The retailing landscape is changing. The growing number of smartphones and ubiquitous connectivity has been pushing the retailing industry towards “online-offline convergence”. Consumers are increasingly using their mobile phones when shopping to read product reviews, compare prices, and sometimes order online, leaving the physical shop empty-handed. Equally, they might order something online via laptop, mobile or tablet, but go and pick it up from a local store. Online commerce, both e- and m-variety, is by far the fastest growing retail segment in many developed markets.

If traditional payment instruments, such as cards, were somewhat clunky but acceptable for e-commerce, they are poorly suited for m-commerce. No one wants to fumble around their mobile phones typing in 16-digit card numbers, shipping addresses, etc. Not surprisingly, both Visa and MasterCard saw the opportunity to develop their own digital wallet solutions, V.me by Visa and PayPass Wallet Services respectively, to help address this market. Other players, such as, for example, Isis have focused on bringing the mobile wallets to physical stores.
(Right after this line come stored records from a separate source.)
Lemma is_quiddity_subdiv {t q1 x y q2} : is_quiddity t (q1 ++ [:: x, y & q2]) ->
  is_quiddity (subdiv t (size q1).+1) (q1 ++ [:: x + 1, 1, y + 1 & q2]).
Proof.
move=> hq; have size_t : size t = (size q1 + (size q2).+2)%N by rewrite -hq.1 size_cat.
have hp : ((size q1).+1 < size t)%N by rewrite size_t -addn1 ltn_add2l.
(* Rotate the subdivided pair to the front, blow up there and rotate back. *)
move: hq; rewrite {1 2}(cat_take_nth2_drop (0, 0) t (size q1) hp).
set t1 := take (size q1) t.
have size_1 : size t1 = size q1 by rewrite size_takel //; lia.
move: (nth _ t (size q1)) (nth _ t (size q1).+1) (drop _ t) => u v t2.
rewrite -size_1 subdiv_cat => hq.
have size_2 : size q2 = size t2.
  by case: hq; rewrite !size_cat size_1 => /addnI [].
apply: (@is_quiddity_rot_cat [:: u, vadd u v, v & t2] _ [:: x + 1, 1, y + 1 & q2]).
  by rewrite /= size_2.
exact: is_quiddity_blowup (is_quiddity_rot_cat size_1 hq).
Qed.

Definition ell (s : seq vec) : int := (nth (0, 0) s 1).1.

Section InClass.

Context {s : seq vec}.
Hypothesis s_in : in_class s.

Lemma size_in_class : (4 <= size s)%N.
Proof. by case: s_in. Qed.

Lemma det_consecutive j : (j.+1 < size s)%N ->
  det (nth (0, 0) s j) (nth (0, 0) s j.+1) = -1.
Proof. by case: s_in => _ _ _ hu hj; rewrite -!cray_nth ?hu //; lia. Qed.

Lemma second_ray : nth (0, 0) s 1 = (ell s, -1).
Proof.
have two_lt : (1 < size s)%N by have := size_in_class; lia.
case: s_in (det_consecutive 0 two_lt) => _ [-> _ _ _] _ _.
rewrite /ell; case: (nth _ s 1) => x y.
by rewrite /det /= mul1r mul0r subr0 => ->.
Qed.

Lemma ray_x_gt0 j : (j <= size s - 4)%N ->
  0 < (nth (0, 0) s j).1 /\ (nth (0, 0) s j).2 <= 0.
Proof.
case: s_in => _ [r0 _ _ _] interior _; case: j => [_|j hj]; first by rewrite r0.
by have [? /ltW ?] := interior j.+1 ltac:(lia).
Qed.

Lemma ray_y_lt0 j : (1 <= j <= size s - 3)%N ->
  0 <= (nth (0, 0) s j).1 /\ (nth (0, 0) s j).2 < 0.
Proof.
case: s_in => _ [_ r3 _ _] interior _ hj.
have [->|j_lt] := eqVneq j (size s - 3)%N; first by rewrite r3.
by have [/ltW ? ?] := interior j ltac:(lia).
Qed.

Lemma det_second_ray_lt0 k : (2 <= k <= size s - 3)%N ->
  det (nth (0, 0) s 1) (nth (0, 0) s k) < 0.
Proof.
have h4 := size_in_class.
have x_gt_y j : (1 <= j <= size s - 3)%N -> 0 < (nth (0, 0) s j).1 - (nth (0, 0) s j).2.
  by move=> hj; have [? ?] := ray_y_lt0 j hj; lia.
elim: k => [//|k IHk] hk.
have [-> | k_gt1] := eqVneq k 1%N; first by rewrite det_consecutive //; lia.
apply: (@det_lt0_trans _ (nth (0, 0) s k)); rewrite ?x_gt_y ?IHk //; try lia.
by rewrite det_consecutive //; lia.
Qed.

Lemma in_class_rcons : s = rcons (take (size s - 1) s) (0, 1).
Proof.
case: s_in => h4 [_ _ _ <-] _ _.
rewrite -cats1 -{1}(cat_take_drop (size s - 1) s) (drop_nth ((0, 0) : vec)); last lia.
by rewrite drop_oversize //; lia.
Qed.

End InClass.

Lemma in_class_quiddity_inj {t u q} : in_class t -> in_class u ->
  is_quiddity t q -> is_quiddity u q -> t = u.
Proof.
case=> _ [t0 _ _ t1] _ _ [_ [u0 _ _ u1] _ _] qt qu.
by apply: (is_quiddity_inj _ _ _ qt qu); rewrite ?t0 ?u0 ?t1 ?u1.
Qed.

Lemma size_subdiv t p : (p <= size t)%N -> size (subdiv t p) = (size t).+1.
Proof. by move=> hp; rewrite size_cat /= size_drop size_takel //; lia. Qed.

Lemma nth_subdiv t p k : (p <= size t)%N ->
  nth (0, 0) (subdiv t p) k =
  if (k < p)%N then nth (0, 0) t k
  else if k == p then vadd (cray t p.-1) (cray t p) else nth (0, 0) t k.-1.
Proof.
move=> hp; rewrite nth_cat size_takel //.
case: ltnP => hk; first by rewrite nth_take.
case: eqP => [->|hne]; first by rewrite subnn.
have -> : (k - p = (k - p.+1).+1)%N by lia.
by rewrite /= nth_drop; congr nth; lia.
Qed.

Lemma in_class_subdiv {t p} : in_class t -> (1 <= p <= size t - 3)%N ->
  in_class (subdiv t p).
Proof.
move=> t_in hp; have h4 := size_in_class t_in.
case: (t_in) => _ [r0 r3 r2 r1] interior hu.
have above k : (p < k)%N -> nth (0, 0) (subdiv t p) k = nth (0, 0) t k.-1.
  by move=> hk; rewrite nth_subdiv ?ifF //; lia.
split; [by rewrite size_subdiv; lia | | | by apply: unimodular_subdiv => //; lia].
- rewrite size_subdiv; last lia.
  split; first by rewrite nth_subdiv ?ifT ?r0 //; lia.
  + rewrite above; last lia.
    by have -> : ((size t).+1 - 3).-1 = (size t - 3)%N by lia.
  + rewrite above; last lia.
    by have -> : ((size t).+1 - 2).-1 = (size t - 2)%N by lia.
  + rewrite above; last lia.
    by have -> : ((size t).+1 - 1).-1 = (size t - 1)%N by lia.
- move=> k; rewrite size_subdiv => [hk|]; last lia.
  rewrite nth_subdiv; last lia.
  case: ltnP => [k_lt | k_ge]; first by apply: interior; lia.
  have [_ | k_ne] := eqVneq k p; last by apply: interior; lia.
  have [ux_gt0 uy_le0] := ray_x_gt0 t_in p.-1 ltac:(lia).
  have [vx_ge0 vy_lt0] := ray_y_lt0 t_in p ltac:(lia).
  rewrite !cray_nth; try lia.
  move: ux_gt0 uy_le0 vx_ge0 vy_lt0; rewrite /vadd.
  by case: (nth _ t p.-1) (nth _ t p) => [a b] [c d] /=; split; lia.
Qed.

Definition pre_rho (s : seq vec) : seq vec := rcons (take (size s - 1) s) (- ell s, 1).

Lemma rhoE s : rho s = rot 1 (map (rmap (ell s)) (pre_rho s)).
Proof. by []. Qed.

Lemma size_pre_rho s : (0 < size s)%N -> size (pre_rho s) = size s.
Proof. by move=> n_gt0; rewrite size_rcons size_takel ?leq_subr // subn1 prednK. Qed.

Lemma cray_pre_rho s j : (j < size s - 1)%N -> cray (pre_rho s) j = nth (0, 0) s j.
Proof.
move=> hj; rewrite cray_nth ?size_pre_rho; try lia.
by rewrite nth_rcons size_takel ?leq_subr // hj nth_take.
Qed.

Lemma cray_pre_rho_last s : (0 < size s)%N ->
  cray (pre_rho s) (size s - 1) = (- ell s, 1).
Proof.
move=> n_gt0; rewrite cray_nth ?size_pre_rho; try lia.
by rewrite nth_rcons size_takel ?leq_subr // ltnn eqxx.
Qed.

Lemma cray_rho s j : (0 < size s)%N ->
  cray (rho s) j = rmap (ell s) (cray (pre_rho s) j.+1).
Proof.
move=> n_gt0; rewrite rhoE cray_rot ?cray_map ?size_map ?size_pre_rho //.
Qed.

Lemma size_rho s : (0 < size s)%N -> size (rho s) = size s.
Proof. by move=> n_gt0; rewrite rhoE size_rot size_map size_pre_rho. Qed.

Section Rotation.

Context {s : seq vec}.
Hypothesis s_in : in_class s.

Let n_ge4 : (4 <= size s)%N := size_in_class s_in.

Lemma cray_pre_rho_wrap : cray (pre_rho s) (size s) = (1, 0).
Proof.
have := crayD (pre_rho s) 0; rewrite add0n size_pre_rho => [->|]; last lia.
by rewrite cray_pre_rho; last lia; case: s_in => _ [].
Qed.

Lemma unimodular_pre_rho : unimodular (pre_rho s).
Proof.
case: s_in => _ [_ _ r2 _] _ _.
move=> i; rewrite size_pre_rho; last lia; move=> hi.
have [i_lt | i_ge] := ltnP i.+1 (size s - 1).
  by rewrite !cray_pre_rho ?(det_consecutive s_in) //; lia.
have [-> | i_last] := eqVneq i (size s - 2)%N.
  have -> : (size s - 2).+1 = (size s - 1)%N by lia.
  by rewrite cray_pre_rho_last ?cray_pre_rho ?r2 /det /=; try lia; ring.
have -> : i = (size s - 1)%N by lia.
have -> : (size s - 1).+1 = size s by lia.
by rewrite cray_pre_rho_last ?cray_pre_rho_wrap /det /=; try lia; ring.
Qed.

Lemma is_quiddity_pre_rho (b0 : int) (b : seq int) : is_quiddity s (b0 :: b ++ [:: 0; 0]) ->
  is_quiddity (pre_rho s) (0 :: b ++ [:: b0; 0]).
Proof.
case: s_in => _ [r0 r3 r2 r1] _ _ [size_q hs].
have size_b : size b = (size s - 3)%N by move: size_q; rewrite /= size_cat /=; lia.
have b0_ell : b0 = ell s.
  have := hs 0%N ltac:(lia); rewrite add0n !cray_nth ?r0 ?r1 ?(second_ray s_in) //; try lia.
  by rewrite /vscale /vadd /= mulr1 add0r => -[].
split; first by rewrite size_pre_rho /= ?size_cat /=; lia.
have size_pre : size (pre_rho s) = size s by rewrite size_pre_rho //; lia.
move=> i; rewrite {1}size_pre => hi.
have [-> | i_gt0] := posnP i.
  rewrite add0n size_pre cray_pre_rho_last ?cray_pre_rho ?(second_ray s_in) //; try lia.
  by rewrite /vscale /vadd /= !mul0r addNr addrN.
rewrite cray_prev //.
have [i_lt | i_ge] := ltnP i (size s - 2).
  have := hs i hi; rewrite cray_prev // !cray_pre_rho ?(cray_nth s); try lia.
  case: i i_gt0 i_lt {hi} => [//|i] _ i_lt /=.
  by rewrite !nth_cat; suff -> : (i < size b)%N by []; lia.
have [-> | i_ne] := eqVneq i (size s - 2)%N.
  have -> : (size s - 2 = (size b).+1)%N by lia.
  rewrite /= nth_cat ltnn subnn.
  have -> : ((size b).+2 = size s - 1)%N by lia.
  rewrite cray_pre_rho_last ?cray_pre_rho; try lia.
  rewrite size_b.
  have -> : (size s - 3).+1 = (size s - 2)%N by lia.
  by rewrite r2 r3 b0_ell /vscale /vadd /=; congr pair; ring.
have -> : i = (size b).+2 by lia.
rewrite /= nth_cat ltnNge leqnSn /= subSnn /=.
have -> : ((size b).+2 = size s - 1)%N by lia.
rewrite cray_pre_rho_last; last lia.
have -> : (size s - 1).+1 = size s by lia.
rewrite cray_pre_rho_wrap cray_pre_rho; last lia.
have -> : (size b).+1 = (size s - 2)%N by lia.
by rewrite r2 /vscale /vadd /=; congr pair; ring.
Qed.

Lemma is_quiddity_rho (b : seq int) : is_quiddity s (b ++ [:: 0; 0]) ->
  is_quiddity (rho s) (rot 1 b ++ [:: 0; 0]).
Proof.
case: b => [|b0 b] hq; first by case: hq => /=; lia.
rewrite rhoE rot1_cons.
have -> : rcons b b0 ++ [:: 0; 0] = rot 1 (0 :: b ++ [:: b0; 0]).
  by rewrite rot1_cons -!cats1 -!catA.
apply: is_quiddity_rot; first by rewrite size_map size_pre_rho; lia.
apply: is_quiddity_map; [|exact: rmap_vadd|exact: rmap_vscale|exact: is_quiddity_pre_rho].
by rewrite size_pre_rho; lia.
Qed.

Lemma in_class_rho : in_class (rho s).
Proof.
have size_rho : size (rho s) = size s by rewrite size_rho //; lia.
have nth_rho j : (j < size s)%N ->
    nth (0, 0) (rho s) j = rmap (ell s) (cray (pre_rho s) j.+1).
  by move=> hj; rewrite -cray_nth ?size_rho // cray_rho //; lia.
have unimodular_rho : unimodular (rho s).
  rewrite rhoE; apply: unimodular_rot; first by rewrite size_map size_pre_rho; lia.
  apply: unimodular_map; [rewrite size_pre_rho; lia | exact: det_rmap |].
  exact: unimodular_pre_rho.
case: s_in => _ [r0 r3 r2 r1] _ _.
split; [by rewrite size_rho | | | exact: unimodular_rho]; rewrite size_rho.
- rewrite !nth_rho; try lia.
  have -> : (size s - 3).+1 = (size s - 2)%N by lia.
  have -> : (size s - 2).+1 = (size s - 1)%N by lia.
  have -> : (size s - 1).+1 = size s by lia.
  rewrite cray_pre_rho_last ?cray_pre_rho_wrap ?cray_pre_rho ?(second_ray s_in) ?r2;
    try lia.
  by split; rewrite /rmap /=; congr pair; ring.
- move=> i hi; rewrite nth_rho ?cray_pre_rho; try lia.
  have [_ y_lt0] := ray_y_lt0 s_in i.+1 ltac:(lia).
  have := det_second_ray_lt0 s_in i.+1 ltac:(lia).
  (* rmap (ell s) v = (- v.2, det v_2 v) *)
  rewrite (second_ray s_in) /rmap /det /=.
  case: (nth _ s i.+1) y_lt0 => x y /= y_lt0 det_lt0.
  by split; lia.
Qed.

Lemma nth_rho_ell : nth (0, 0) (rho s) (size s - 4) = (1, - ell s).
Proof.
case: s_in => _ [_ r3 _ _] _ _.
rewrite -cray_nth ?size_rho ?cray_rho ?cray_pre_rho; try lia.
have -> : (size s - 4).+1 = (size s - 3)%N by lia.
by rewrite r3 /rmap /=; congr pair; ring.
Qed.

End Rotation.

Lemma rho_inj t u : in_class t -> in_class u -> rho t = rho u -> t = u.
Proof.
move=> t_in u_in e.
have size_tu : size t = size u.
  have := size_in_class t_in; have := size_in_class u_in => ? ?.
  by rewrite -size_rho ?e ?size_rho //; lia.
have ell_tu : ell t = ell u.
  by have := nth_rho_ell t_in; rewrite e size_tu nth_rho_ell // => -[/oppr_inj].
move: e; rewrite !rhoE ell_tu => /rot_inj/(inj_map (@rmap_inj _)).
rewrite /pre_rho ell_tu size_tu => /rcons_inj[e].
by rewrite (in_class_rcons t_in) (in_class_rcons u_in) size_tu e.
Qed.

Lemma iter_rho_quiddity k {s} {b : seq int} :
  in_class s -> is_quiddity s (b ++ [:: 0; 0]) ->
  (k <= size b)%N ->
  in_class (iter k rho s) /\ is_quiddity (iter k rho s) (rot k b ++ [:: 0; 0]).
Proof.
move=> s_in hq; elim: k => [|k IHk] hk; first by rewrite rot0.
have [in_k q_k] := IHk (ltnW hk).
by rewrite iterS rotS //; split; [exact: in_class_rho | exact: is_quiddity_rho].
Qed.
There are many different ways wallets can differentiate themselves from each other. However, fundamentally, there are two main types of wallets based on where the payment credentials are stored:

  1. Secure element-based wallets store the payment credentials (e.g. card details) in a secure area inside the phone known as secure element, and communicate those credentials to the physical point-of-sale (POS) terminal typically via Near Field Communication (NFC) technology. An example of such a wallet in the United States is the recently launched Isis.
  2. Cloud-based wallets store the payment credentials in a secure area on a remote server, or “in the cloud.” How those payment credentials are communicated to the merchant depends on the specific implementation. Perhaps the best known example of a cloud-based wallet is PayPal.

While online-offline convergence is rapidly becoming a reality for retailers, the same is not yet true for payments. It remains a challenge today to use online the payment credentials residing in the secure element-based wallet, and to use cloud-based credentials at the physical POS. For example, PayPal, a leader online, is working hard to get to the physical POS, while Visa and MasterCard are using their strength in the physical world to develop cloud-based digital wallets. Google Wallet is one notable example which does combine both secure element and cloud-based credentials, but given the transaction economics, it remains an exception to the rule.

There are a few solutions emerging as potential candidates to help bridge the divide between online and offline payments, however, most of them remain in relatively early stages of development. We believe that the payments industry will continue to try and solve this conundrum and we will see more solutions in this space emerging over the next 12 to18 months.

However, in the end, the desired online and offline ubiquity for any single wallet may prove to be illusionary. I do not share the view of those who think that there will be “one wallet to rule them all.” If anything, the mobile phone itself might become such a “wallet,” with consumers using multiple apps to shop and pay with payment credentials stored in multiple places.

In today’s fragmented world of digital wallets, our advice to banks would be to think twice before launching their own branded independent wallets. Some banks might be successful in doing so, but many others are likely to be better off by ensuring their payment credentials are available with the wallets most likely to win in the market. Supporting traditional scheme wallets, such as Visa’s V.me and MasterCard’s PayPass Wallet, should be a “no brainer” decision for most banks, but other specific market segment leaders, such as Isis or Google in the United States would also merit consideration. Banks should also remember that many already have a great asset in their mobile banking platforms and should focus on enhancing and extending them with rich value-added services, including payment propositions, such as P2P or access to card-based and other payment credentials.